Battle of Grunwald by Jan Matejko

About 20 000 Polish knights, 10 000 Lithuanian warriors and 20 000 Teutonic knights who fought near Grunwald were the flower of European chivalry. All of them were convinced that they fought for the right case. They fought in fierce battle since high noon until the evening. The climax of the Battle had come when Grand Master Ulrich von Jungingen duelled a Polish knight Mszczuj of Skrzynno of the ŁabędŸ coat-of-arms. Grand Master was killed in this confrontation, Mszczuj gained the spoils of war. Thus the glory of the Order had passed. Besides Mszczuj of Skrzynno, many of other famous knights had fought on the Polish side, among them Zawisza the Black of Garbowo of the Sulima coat-of-arms, Florian of Korytnica of the Jelita coat-of-arms, Domarat of Kobylany of the Grzymała coat-of-arms, Jakub Skarbek of Góra of the Abdank coat-of-arms, Paweł the Evil of Biskupice of the Niesobia coat-of-arms, Jaksa the Dreadful of Targowisko of the Lis coat-of-arms and Jan Warszowski of the Nałęcz coat-of-arms. Other distinguished members of the Clan of Nałęcz also took part in the Battle aside Jan Warszowski, among them Sędziwój of Ostroróg was a member of War Council and Dobrogost of Szamotuły was a commander of 41st Banner. Many other members of the Clan of Nałęcz fought and shed blood during the course of the battle that took place on the fields of Grunwald. Also a number of famous knights had fought on the Order's side, besides the Grand Master, they were Friedrich von Wallenrode, Kuno von Lichtenstein, Thomas von Merheim and Albrecht von Schwarzburg. All of them fell on the battlefield. The defeat of the Order was resounding and the Teutonic Order has never recovered as a military power.

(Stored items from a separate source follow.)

(* Let $n\ge0$. Every $f\in Mlt(Q_n)$ has order $1$, $2$ or $4$; in particular $f$ is a product of disjoint $2$-cycles and $4$-cycles.
   Context: Cayley--Dickson loops: $Q_0=\{1,-1\}\subset\mathbb{R}$ with conjugation $x^*=x$. For $n\ge1$, $Q_n=\{(x,0),(x,1)\mid x\in Q_{n-1}\}$ with multiplication $(x,0)(y,0)=(xy,0)$, $(x,0)(y,1)=(yx,1)$, $(x,1)(y,0)=(xy^*,1)$, $(x,1)(y,1)=(-y^*x,0)$ and conjugation $(x,0)^*=(x^*,0)$, $(x,1)^*=(-x,1)$, where $-(x,a)=(-x,a)$. $Q_n$ is a loop with neutral element $1=(1,0,\dots,0)$. For a loop $Q$, $L_x(a)=xa$, $R_x(a)=ax$, $Mlt(Q)=\langle L_x,R_x\mid x\in Q\rangle\le Sym(Q)$. *)

From HB Require Import structures.
From mathcomp Require Import all_boot all_fingroup.
Set Implicit Arguments. Unset Strict Implicit. Unset Printing Implicit Defensive.

(* Carrier of the Cayley--Dickson loop Q_n.
   Q_0 = {1,-1} is encoded by bool (false = 1, true = -1);
   Q_{n+1} = Q_n * bool, the pair (x, a) with a = false meaning 0, true meaning 1. *)
Fixpoint CD (n : nat) : finType :=
  if n is n'.+1 then (CD n' * bool)%type else bool.

Fixpoint cd_neg (n : nat) : CD n -> CD n :=
  match n as m return CD m -> CD m with
  | 0 => negb
  | n'.+1 => fun p => (cd_neg p.1, p.2)
  end.

Fixpoint cd_conj (n : nat) : CD n -> CD n :=
  match n as m return CD m -> CD m with
  | 0 => id
  | n'.+1 => fun p => if p.2 then (cd_neg p.1, true) else (cd_conj p.1, false)
  end.

(* Multiplication:
   (x,0)(y,0) = (xy,0), (x,0)(y,1) = (yx,1),
   (x,1)(y,0) = (xy^*,1), (x,1)(y,1) = (-(y^* x),0);
   on Q_0 it is multiplication of signs (xor). *)
Fixpoint cd_mul (n : nat) : CD n -> CD n -> CD n :=
  match n as m return CD m -> CD m -> CD m with
  | 0 => addb
  | n'.+1 => fun p q =>
      match p.2, q.2 with
      | false, false => (cd_mul p.1 q.1, false)
      | false, true => (cd_mul q.1 p.1, true)
      | true, false => (cd_mul p.1 (cd_conj q.1), true)
      | true, true => (cd_neg (cd_mul (cd_conj q.1) p.1), false)
      end
  end.

Fixpoint cd_one (n : nat) : CD n :=
  match n as m return CD m with
  | 0 => false
  | n'.+1 => (cd_one n', false)
  end.

(* The permutations of Q_n that coincide with some left translation L_x
   or some right translation R_x.  Since Q_n is a loop, these are exactly
   the maps L_x, R_x (x in Q_n). *)
Definition translations (n : nat) : {set {perm CD n}} :=
  [set p : {perm CD n} | [exists x : CD n,
      [forall a : CD n, p a == cd_mul x a] || [forall a : CD n, p a == cd_mul a x]]].

Definition Mlt (n : nat) : {set {perm CD n}} := <<translations n>>%g.

From mathcomp Require Import all_boot all_fingroup.
From mathcomp Require Import cyclic.
Set Implicit Arguments. Unset Strict Implicit. Unset Printing Implicit Defensive.

(* The sign-forgetting map |.| : Q_n -> Q_n / {1,-1} lands in an elementary
   abelian 2-group (componentwise xor of the "imaginary unit" labels), and it
   is a homomorphism: |xy| = |x| (+) |y|.  Consequently each translation L_x,
   R_x is "sign-affine": it commutes with negation and acts on absolute values
   as a translation |a| |-> k (+) |a| of the 2-group.  Sign-affine permutations
   form a group, so they contain Mlt(Q_n).  For a sign-affine f we get
   |f (f a)| = k (+) k (+) |a| = |a|, i.e. f^2 a = +-a, and commuting with
   negation then gives f^4 = 1.  Finally, for any permutation with f^4 = 1
   the order and every cycle length divide 4, hence lie in {1, 2, 4}. *)

Lemma neg_involutive n (x : CD n) : cd_neg (cd_neg x) = x.
Proof. elim: n x => [|n IH] [] //=; by [case | move=> x b; rewrite IH]. Qed.

Lemma conj_neg n (x : CD n) : cd_conj (cd_neg x) = cd_neg (cd_conj x).
Proof. elim: n x => [|n IH] //= [x []] //=; by rewrite IH. Qed.

(* Both halves must be proved together: each recursive case of one
   invokes the other. *)
Lemma mul_neg n (x y : CD n) :
  cd_mul x (cd_neg y) = cd_neg (cd_mul x y) /\
  cd_mul (cd_neg x) y = cd_neg (cd_mul x y).
Proof.
elim: n x y => [|n IH] /=; first by move=> x y; rewrite addbN addNb.
move=> [x a] [y b] /=; case: a; case: b => /=;
  by rewrite ?conj_neg ?(proj1 (IH _ _)) ?(proj2 (IH _ _)).
Qed.

Lemma mul_negr n (x y : CD n) : cd_mul x (cd_neg y) = cd_neg (cd_mul x y).
Proof. exact: (mul_neg x y).1. Qed.

Lemma mul_negl n (x y : CD n) : cd_mul (cd_neg x) y = cd_neg (cd_mul x y).
Proof. exact: (mul_neg x y).2. Qed.

(* The absolute value |x| forgets all signs; the quotient Q_n/{1,-1} is the
   elementary abelian group (Z/2)^n with operation cd_xor. *)

Fixpoint cd_abs (n : nat) : CD n -> CD n :=
  match n as m return CD m -> CD m with
  | 0 => fun _ => false
  | n'.+1 => fun p => (cd_abs p.1, p.2)
  end.

Fixpoint cd_xor (n : nat) : CD n -> CD n -> CD n :=
  match n as m return CD m -> CD m -> CD m with
  | 0 => fun _ _ => false
  | n'.+1 => fun p q => (cd_xor p.1 q.1, addb p.2 q.2)
  end.

Lemma abs_neg n (x : CD n) : cd_abs (cd_neg x) = cd_abs x.
Proof. elim: n x => [|n IH] //= [x b] /=; by rewrite IH. Qed.

Lemma abs_conj n (x : CD n) : cd_abs (cd_conj x) = cd_abs x.
Proof. elim: n x => [|n IH] //= [x []] /=; by rewrite ?abs_neg ?IH. Qed.

Lemma xorC n (x y : CD n) : cd_xor x y = cd_xor y x.
Proof. elim: n x y => [|n IH] //= [x a] [y b] /=; by rewrite IH addbC. Qed.

Lemma xorA n (x y z : CD n) : cd_xor x (cd_xor y z) = cd_xor (cd_xor x y) z.
Proof. elim: n x y z => [|n IH] //= [x a] [y b] [z c] /=; by rewrite IH addbA. Qed.

Lemma xor_absr n (x y : CD n) : cd_xor x (cd_abs y) = cd_xor x y.
Proof. elim: n x y => [|n IH] //= [x a] [y b] /=; by rewrite IH. Qed.

Lemma xorxx n (x : CD n) : cd_xor x x = cd_one n.
Proof. elim: n x => [|n IH] //= [x a] /=; by rewrite IH addbb. Qed.

Lemma xor1 n (x : CD n) : cd_xor (cd_one n) x = cd_abs x.
Proof. elim: n x => [|n IH] //= [x a] /=; by rewrite IH. Qed.

Lemma abs_mul n (x y : CD n) : cd_abs (cd_mul x y) = cd_xor x y.
Proof.
elim: n x y => [|n IH] //= [x a] [y b] /=; case: a; case: b => /=;
  rewrite ?abs_neg IH //.
- by rewrite xorC -xor_absr abs_conj xor_absr.
- by rewrite -xor_absr abs_conj xor_absr.
- by rewrite xorC.
Qed.

Lemma abs_inj_sign n (a b : CD n) : cd_abs b = cd_abs a -> b = a \/ b = cd_neg a.
Proof.
elim: n a b => [|n IH] /=; first by move=> [] [] _; auto.
move=> [a x] [b y] /= [] /IH [] -> ->; auto.
Qed.

Definition sign_affine n (f : {perm CD n}) : bool :=
  [exists k : CD n, [forall a : CD n,
     (cd_abs (f a) == cd_xor k a) && (f (cd_neg a) == cd_neg (f a))]].

Lemma sign_affineP n (f : {perm CD n}) :
  reflect (exists k, forall a,
             cd_abs (f a) = cd_xor k a /\ f (cd_neg a) = cd_neg (f a))
          (sign_affine f).
Proof.
apply: (iffP existsP) => [[k /forallP Hk] | [k Hk]]; exists k.
  by move=> a; have /andP [/eqP -> /eqP ->] := Hk a.
by apply/forallP => a; have [-> ->] := Hk a; rewrite !eqxx.
Qed.

Lemma sign_affine_group n : group_set [set f : {perm CD n} | sign_affine f].
Proof.
apply/andP; split.
  rewrite inE; apply/sign_affineP; exists (cd_one n) => a.
  by rewrite !perm1 xor1.
apply/subsetP => h /mulsgP [f g]; rewrite !inE.
move=> /sign_affineP [kf Hf] /sign_affineP [kg Hg] ->.
apply/sign_affineP; exists (cd_xor kg kf) => a; rewrite !permM.
have [Af Nf] := Hf a; have [Ag Ng] := Hg (f a).
by rewrite Ag -xor_absr Af xorA Nf Ng.
Qed.

Lemma translations_sign_affine n (p : {perm CD n}) :
  p \in translations n -> sign_affine p.
Proof.
rewrite inE => /existsP [x /orP [] /forallP H]; apply/sign_affineP;
  exists x => a; move: (H a) (H (cd_neg a)) => /eqP -> /eqP ->.
- by rewrite abs_mul mul_negr.
- by rewrite abs_mul xorC mul_negl.
Qed.

Lemma Mlt_sign_affine n (f : {perm CD n}) : f \in Mlt n -> sign_affine f.
Proof.
have sub : Mlt n \subset Group (sign_affine_group n).
  rewrite /Mlt gen_subG; apply/subsetP => p Tp.
  by rewrite inE; exact: translations_sign_affine.
by move=> /(subsetP sub); rewrite inE.
Qed.

Lemma sign_affine_sq n (f : {perm CD n}) a :
  sign_affine f -> f (f a) = a \/ f (f a) = cd_neg a.
Proof.
move=> /sign_affineP [k H]; apply: abs_inj_sign.
have [A1 _] := H (f a); have [A2 _] := H a.
by rewrite A1 -xor_absr A2 xorA xorxx xor1.
Qed.

Lemma sign_affine_expg4 n (f : {perm CD n}) : sign_affine f -> (f ^+ 4 = 1)%g.
Proof.
move=> Af; apply/permP => a; rewrite permX perm1 /=.
have [E | E] := sign_affine_sq a Af; rewrite E; first by rewrite E.
have /sign_affineP [k H] := Af.
by rewrite (H a).2 (H (f a)).2 E neg_involutive.
Qed.

Lemma divisors_of_4 d : (0 < d)%N -> (d %| 4)%N -> d \in [:: 1; 2; 4].
Proof.
move=> d0 dd; have := dvdn_leq (isT : (0 < 4)%N) dd.
by move: d0 dd; case: d => [|[|[|[|[|]]]]].
Qed.

Lemma card_porbit_dvd_order (T : finType) (f : {perm T}) x :
  (#|porbit f x| %| #[f]%g)%N.
Proof.
by rewrite porbitE -[X in (_ %| X)%N](card_orbit_stab 'P <[f]>%g x) dvdn_mulr.
Qed.

Lemma perm_expg4_cycle_type (T : finType) (f : {perm T}) :
  (f ^+ 4 = 1)%g ->
  (#[f]%g \in [:: 1; 2; 4]) && [forall x : T, #|porbit f x| \in [:: 1; 2; 4]].
Proof.
move=> f4; have ord_dvd : (#[f]%g %| 4)%N by rewrite order_dvdn f4.
apply/andP; split; first by apply: divisors_of_4 => //; exact: order_gt0.
apply/forallP => x; apply: divisors_of_4; first by rewrite lt0n card_porbit_neq0.
exact: dvdn_trans (card_porbit_dvd_order f x) ord_dvd.
Qed.

Theorem mainTheorem6 (n : nat) (f : {perm CD n}) :
  f \in Mlt n ->
  (#[f]%g \in [:: 1; 2; 4]) &&
  [forall x : CD n, #|porbit f x| \in [:: 1; 2; 4]].
Proof.
move=> /Mlt_sign_affine /sign_affine_expg4.
exact: perm_expg4_cycle_type.
Qed.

The Battle of Grunwald had caused a profound impact on the course of Middle and East European history, similar to the impact caused by the results of the Battle of Hastings which significantly shaped the history of England and the British Isles. The power of Teutonic Order has been crushed on the fields of Grunwald and as a result Poland and Lithuania emerged as key political players in the Eastern part of Europe for a period lasting at least for three centuries.